Exercise prompt:
Count how many lines in the data hold "Variables". Only the number.

-------- Dataset content --------

Theorem theorem1 (R : realType) (S : finType) (p q : seq S -> R) :
  is_distr p -> is_distr q -> abs_cont p q ->
  (Eq_W p q (fun w : R => (w ^+ 4)%R) < +oo)%E ->
  exists C : R, exists N0 : nat, forall N : nat, (N0 <= N)%N ->
    [/\ (norm1 (fun x => (pbar p q N x - p x)%R)
           <= (C * Num.sqrt ((1 + fine (chi2 p q)) / N%:R))%:E)%E,
        (norm2sq (fun x => (pbar p q N x - p x)%R)
           <= (C * ((1 + fine (chi2 p q)) / N%:R))%:E)%E
      & (Esample q (fun s : {ffun 'I_N -> seq S} =>
            norm2sq (fun x => (phat p q s x - p x)%R))
           <= (C * ((1 + fine (chi2 p q)) / N%:R))%:E)%E].
Proof.
move=> hp hq pq w4_fin.
have [chi2E M2E] := chi2_finite_sqr_weight hp hq pq w4_fin.
have c2_ge0 : 0 <= fine (chi2 p q).
  by rewrite -lee_fin -chi2E; apply: Eq_X_ge0 => // y; exact: sqr_ge0.
exists 4, 1%N => N N_gt0; set a := (1 + fine (chi2 p q)) / N%:R.
have a_ge0 : 0 <= a by rewrite divr_ge0 ?addr_ge0.
have var_le : (1 + fine (chi2 p q) - 1) / N%:R <= Num.sqrt a ^+ 2.
  by rewrite sqr_sqrtr // ler_pM2r ?invr_gt0 ?ltr0n // lerBlDr lerDl.
have sqrt_a_gt0 : 0 < Num.sqrt a by rewrite sqrtr_gt0 divr_gt0 ?ltr0n ?ltr_pwDl.
have norm1_le := norm1_pbar_le hp hq pq N_gt0 M2E sqrt_a_gt0 var_le.
split.
- by apply: le_trans norm1_le _; rewrite lee_fin ler_peMl ?sqrtr_ge0 // ler1n.
- apply: le_trans (norm2sq_le_sqr norm1_le) _.
  by rewrite sqr_sqrtr // lee_fin ler_peMl // ler1n.
- by rewrite mulrA; exact: Esample_norm2sq_phat_le.
Qed.
(* Let $K\ge2$, let $a\in\Delta^{K-1}$ with $a(i)>0$ for all $i\in[K]$, let $T_0\in\mathbb N$, and let $\tau_{T_0}\in\mathbb Z_{\ge0}^K$ with $\sum_i\tau_{T_0}(i)=T_0$. For $t\ge T_0$ define recursively $\tau_{t+1}=\tau_t+e_{A_{t+1}}$, where $A_{t+1}\in\arg\max_{i\in[K]}\{t\,a(i)-\tau_t(i)\}$ (ties broken arbitrarily) and $e_j$ is the $j$-th standard basis vector. Then there exists a finite $T'\ge T_0$ such that for all $t\ge T'$ and all $i\in[K]$: $\tau_t(i)/t\le a(i)+1/t$ (the set of over-sampled arms $\{i:\tau_t(i)/t>a(i)+1/t\}$ is empty), and $$\Big|\frac{\tau_t(i)}{t}-a(i)\Big|<\frac{K}{t}.$$
   Context: $\Delta^{K-1}=\{a\in[0,1]^K:\sum_i a(i)=1\}$. $\tau_t(i)$ counts how many of the first $t$ selections were arm $i$, so $\sum_i\tau_t(i)=t$. *)

From mathcomp Require Import all_boot all_order all_algebra.
From mathcomp Require Import reals.
Set Implicit Arguments. Unset Strict Implicit. Unset Printing Implicit Defensive.
Import Order.TTheory GRing.Theory Num.Theory.
Local Open Scope ring_scope.

Definition tracking_step (R : realType) (K : nat) (a : 'I_K -> R) (t : nat)
  (taut taut1 : 'I_K -> nat) : Prop :=
  exists A : 'I_K,
    (forall j : 'I_K, t%:R * a j - (taut j)%:R <= t%:R * a A - (taut A)%:R)
    /\ (forall j : 'I_K, taut1 j = (taut j + (j == A))%N).

From mathcomp Require Import all_boot all_order all_algebra.
From mathcomp Require Import reals.
From mathcomp Require Import lra.
Set Implicit Arguments. Unset Strict Implicit. Unset Printing Implicit Defensive.
Import Order.TTheory GRing.Theory Num.Theory.
Local Open Scope ring_scope.

(* Track the deficits d_t(i) = t a(i) - tau_t(i).  They sum to 0, so the
   arm selected at each step, having the largest deficit, has a nonnegative
   one.  Hence a deficit above -1 stays above -1 (it drops by at most
   1 - a(i) < 1, and only from a nonnegative value), while a deficit at most
   -1 is never selected and grows by a(i) at each step, so after finitely many
   steps every deficit exceeds -1.  Since the deficits sum to 0, each of them
   is then at most K - 1, and dividing -1 < d_t(i) <= K - 1 by t gives both
   bounds. *)

Definition deficit (R : realType) (K : nat) (a : 'I_K -> R) (t : nat)
  (taut : 'I_K -> nat) (i : 'I_K) : R :=
  t%:R * a i - (taut i)%:R.

Lemma argmax_ge0_of_sum0 (R : numDomainType) (K : nat) (f : 'I_K -> R)
    (A : 'I_K) :
  (forall j, f j <= f A) -> \sum_(j < K) f j = 0 -> 0 <= f A.
Proof.
move=> fA_max sum0.
have K_gt0 : (0 < K)%N by apply: leq_ltn_trans (ltn_ord A).
have : \sum_(j < K) f j <= f A *+ K.
  by rewrite -[K in f A *+ K]card_ord -sumr_const; apply: ler_sum.
by rewrite sum0 pmulrn_lge0.
Qed.

Lemma le_card_sub1_of_sum0 (R : realDomainType) (K : nat) (f : 'I_K -> R)
    (i : 'I_K) :
  (forall j, -1 <= f j) -> \sum_(j < K) f j = 0 -> f i <= K%:R - 1.
Proof.
move=> f_ge sum0.
have : \sum_(j < K) (f j + 1) = K%:R.
  by rewrite big_split /= sum0 sumr_const card_ord add0r.
rewrite (bigD1 i) //= => sum_shift.
have : 0 <= \sum_(j < K | j != i) (f j + 1).
  by apply: sumr_ge0 => j _; have := f_ge j; lra.
have := f_ge i; lra.
Qed.

Lemma ex_nat_mul_gt (R : archiRealFieldType) (K : nat) (a b : 'I_K -> R) :
  (forall i, 0 < a i) ->
  exists N : nat, forall t : nat, (N <= t)%N -> forall i, b i < t%:R * a i.
Proof.
move=> a_gt0.
exists (\max_(i < K) Num.Def.archi_bound (`|b i| / a i))%N => t N_le_t i.
have bound_lt := archi_boundP (divr_ge0 (normr_ge0 (b i)) (ltW (a_gt0 i))).
have bound_le : (Num.Def.archi_bound (`|b i| / a i) <= t)%N.
  by apply: leq_trans N_le_t; apply: (leq_bigmax i).
have : `|b i| / a i < t%:R by apply: (lt_le_trans bound_lt); rewrite ler_nat.
by rewrite ltr_pdivrMr // => /(le_lt_trans (ler_norm (b i))).
Qed.

Section TrackingStep.
Variables (R : realType) (K : nat) (a : 'I_K -> R) (t : nat).
Variables (taut taut1 : 'I_K -> nat).
Hypothesis step : tracking_step a t taut taut1.

Lemma tracking_step_sum :
  (\sum_(i < K) taut1 i = (\sum_(i < K) taut i).+1)%N.
Proof.
have [A [_ taut1E]] := step.
rewrite (eq_bigr _ (fun j _ => taut1E j)) big_split /= -addn1.
by congr (_ + _)%N; rewrite (bigD1 A) //= eqxx big1 // => j /negPf ->.
Qed.

Hypothesis sum_taut : (\sum_(i < K) taut i)%N = t.
Hypothesis sum_a : \sum_(i < K) a i = 1.

Lemma sum_deficit : \sum_(i < K) deficit a t taut i = 0.
Proof.
by rewrite sumrB -mulr_sumr sum_a -natr_sum sum_taut mulr1 subrr.
Qed.

Lemma deficit_tracking_step (i : 'I_K) :
  (taut1 i = taut i /\ deficit a t.+1 taut1 i = deficit a t taut i + a i)
  \/ (0 <= deficit a t taut i
      /\ deficit a t.+1 taut1 i = deficit a t taut i + a i - 1).
Proof.
have [A [A_max taut1E]] := step.
have [-> | ne_iA] := eqVneq i A; last first.
  left; rewrite /deficit taut1E (negPf ne_iA) addn0 -[t.+1]addn1 natrD mulrDl.
  by split=> //; lra.
right; split; first exact: (argmax_ge0_of_sum0 A_max sum_deficit).
rewrite /deficit taut1E eqxx -[t.+1]addn1 !natrD mulrDl mul1r.
by rewrite [true%:R]/=; lra.
Qed.

End TrackingStep.

Section TrackingRule.
Variables (R : realType) (K : nat) (a : 'I_K -> R).
Variables (T0 : nat) (tau : nat -> 'I_K -> nat).
Hypothesis a_gt0 : forall i, 0 < a i.
Hypothesis sum_a : \sum_(i < K) a i = 1.
Hypothesis sum_tau_T0 : (\sum_(i < K) tau T0 i)%N = T0.
Hypothesis step : forall t, (T0 <= t)%N -> tracking_step a t (tau t) (tau t.+1).

Let d t := deficit a t (tau t).

Lemma sum_tau (t : nat) : (T0 <= t)%N -> (\sum_(i < K) tau t i)%N = t.
Proof.
move=> /subnK <-; elim: (t - T0)%N => [|n IH] //.
by rewrite addSn (tracking_step_sum (step (leq_addl _ _))) IH.
Qed.

Lemma deficit_gt_m1_or_tau_const (i : 'I_K) (t : nat) :
  (T0 <= t)%N -> -1 < d t i \/ tau t i = tau T0 i.
Proof.
move=> /subnK <-; elim: (t - T0)%N => [|n IH]; first by right.
have T0_le := leq_addl n T0.
have := deficit_tracking_step (step T0_le) (sum_tau T0_le) sum_a i.
rewrite /d in IH *; rewrite addSn; have := a_gt0 i.
case: IH => [d_gt | tau_eq] ai_gt0 [[tau_eq' d_eq] | [d_ge0 d_eq]].
- by left; rewrite d_eq; lra.
- by left; rewrite d_eq; lra.
- by right; rewrite tau_eq'.
- by left; rewrite d_eq; lra.
Qed.

Lemma eventually_deficit_gt_m1 :
  exists N : nat, forall t : nat, (T0 + N <= t)%N -> forall i, -1 < d t i.
Proof.
have [N N_gt] := ex_nat_mul_gt (fun i => (tau T0 i)%:R - 1) a_gt0.
exists N => t le_t i.
have T0_le : (T0 <= t)%N by apply: leq_trans le_t; apply: leq_addr.
have N_le : (N <= t)%N by apply: leq_trans le_t; apply: leq_addl.
have [//|tau_eq] := deficit_gt_m1_or_tau_const i T0_le.
by have := N_gt t N_le i; rewrite /d /deficit tau_eq; lra.
Qed.

Lemma eventually_deficit_bounds :
  exists T' : nat, (T0 <= T')%N /\ (0 < T')%N /\
    forall t : nat, (T' <= t)%N -> forall i, -1 < d t i <= K%:R - 1.
Proof.
have [N d_gt] := eventually_deficit_gt_m1.
exists (T0 + N).+1; split; first by rewrite ltnW // ltnS leq_addr.
split=> // t le_t i.
have T0_le : (T0 <= t)%N.
  by apply: leq_trans le_t; rewrite ltnW // ltnS leq_addr.
have d_gt_t := d_gt t (ltnW le_t).
rewrite d_gt_t /=; apply: le_card_sub1_of_sum0 => [j|].
  exact/ltW/d_gt/ltnW.
exact: sum_deficit (sum_tau T0_le) sum_a.
Qed.

End TrackingRule.

Lemma ratio_le_add_inv (R : realFieldType) (t : nat) (x c : R) :
  (0 < t)%N -> -1 <= t%:R * c - x -> x / t%:R <= c + 1 / t%:R.
Proof.
move=> t_gt0 ge_m1; have t_pos : (0 : R) < t%:R by rewrite ltr0n.
by rewrite ler_pdivrMr // mulrDl mul1r mulVf ?gt_eqF //; lra.
Qed.

Lemma ratio_dist_lt (R : realFieldType) (t : nat) (x c k : R) :
  (0 < t)%N -> `|t%:R * c - x| < k -> `|x / t%:R - c| < k / t%:R.
Proof.
move=> t_gt0 dist_lt; have t_pos : (0 : R) < t%:R by rewrite ltr0n.
have -> : x / t%:R - c = - (t%:R * c - x) / t%:R.
  by rewrite mulNr mulrBl mulrAC divff ?gt_eqF // mul1r opprB.
by rewrite normrM normrN normfV (gtr0_norm t_pos) ltr_pM2r ?invr_gt0.
Qed.

Theorem mainTheorem12 (R : realType) (K : nat) (a : 'I_K -> R)
  (T0 : nat) (tau : nat -> 'I_K -> nat) :
  (2 <= K)%N ->
  (forall i, 0 < a i) ->
  \sum_(i < K) a i = 1 ->
  (\sum_(i < K) tau T0 i)%N = T0 ->
  (forall t, (T0 <= t)%N -> tracking_step a t (tau t) (tau t.+1)) ->
  exists T' : nat, (T0 <= T')%N /\
    forall t : nat, (T' <= t)%N -> forall i : 'I_K,
      (tau t i)%:R / t%:R <= a i + 1 / t%:R /\
      `|(tau t i)%:R / t%:R - a i| < K%:R / t%:R.
Proof.
move=> K_ge2 a_gt0 sum_a sum_tau_T0 step.
have [T' [T0_le [T'_gt0 d_bounds]]] :=
  eventually_deficit_bounds a_gt0 sum_a sum_tau_T0 step.
exists T'; split=> // t le_t i.
have t_gt0 : (0 < t)%N by apply: leq_trans le_t.
have /andP[d_gt d_lt] := d_bounds t le_t i.
rewrite /deficit in d_gt d_lt.
have K_gt1 : (1 : R) < K%:R by rewrite ltr1n.
split; first by apply: ratio_le_add_inv => //; lra.
by apply: ratio_dist_lt => //; rewrite ltr_norml; apply/andP; split; lra.
Qed.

--------

Exercise result:
4